Reproduce exactly the lines from the one containing "Set Implicit Arguments." through the last line of the records below, both included, and nothing else.

--- START ---

(* Let $g\in\mathcal D$, let $Y_1,Y_2$ be i.i.d. with density $g$, let $k\in\mathbb N$ and define $h:[0,1)^2\to\mathbb R$ by $$h(y_1,y_2):=\sum_{j\in\mathbb Z:|j|\in[k]}(e_j(-y_1)-g_j)(e_j(y_2)-\overline{g_j}).$$ Then $h$ is real-valued, bounded, symmetric and satisfies $\mathbb E[h(Y_1,y_2)]=0$ for all $y_2\in[0,1)$. Moreover, with $\mathsf A:=8k$, $\mathsf B:=3\|g_\bullet\|_{\ell^2}(2k)^{3/4}$, $\mathsf C:=2\|g_\bullet\|_{\ell^2}(2k)^{1/2}$ and $\mathsf D:=\mathsf C$, one has $\sup_{y_1,y_2}|h(y_1,y_2)|\le\mathsf A$, $\sup_{y_2}\mathbb E h^2(Y_1,y_2)\le\mathsf B^2$, $\mathbb E h^2(Y_1,Y_2)\le\mathsf C^2$ and $\sup\{\mathbb E[h(Y_1,Y_2)\zeta(Y_1)\xi(Y_2)]:\mathbb E\zeta^2(Y_1)\le1,\mathbb E\xi^2(Y_2)\le1\}\le\mathsf D$. If in addition $L^2(g)=L^2_{\mathbb R}$, then the last inequality also holds with $\mathsf D:=4\|g_\bullet\|_{\ell^1}$.
   Context: $L^2:=L^2([0,1))$ complex-valued square-integrable functions with $\langle h_1,h_2\rangle=\int_0^1h_1\overline{h_2}$. $e_j(x):=\exp(-\mathrm i2\pi jx)$, $h_j:=\langle h,e_j\rangle$ for $j\in\mathbb Z$; $\|h_\bullet\|_{\ell^p}:=(\sum_{j\in\mathbb Z}|h_j|^p)^{1/p}$. $\mathcal D$ is the set of real-valued probability densities on $[0,1)$ in $L^2$. $[k]:=\{1,\dots,k\}$. For a density $g$, $L^2(g)$ is the set of real-valued Borel functions $u$ on $[0,1)$ with $\int_0^1u^2g<\infty$, and $L^2_{\mathbb R}:=L^2(\mathbb 1_{[0,1)})$. The suprema over $\zeta,\xi$ range over real Borel functions. *)

From HB Require Import structures.
From mathcomp Require Import all_boot all_order all_algebra.
From mathcomp Require Import all_classical all_reals all_analysis.
From mathcomp Require Import complex.
Set Implicit Arguments. Unset Strict Implicit. Unset Printing Implicit Defensive.
Import Order.TTheory GRing.Theory Num.Theory.
Import numFieldNormedType.Exports.
Local Open Scope classical_set_scope.
Local Open Scope ring_scope.
Local Open Scope complex_scope.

--- END ---

**RESPONSE FOR THIS EXERCISE:**
Set Implicit Arguments. Unset Strict Implicit. Unset Printing Implicit Defensive.
Import Order.TTheory GRing.Theory Num.Theory.
Import numFieldNormedType.Exports.
Local Open Scope classical_set_scope.
Local Open Scope ring_scope.
Local Open Scope complex_scope.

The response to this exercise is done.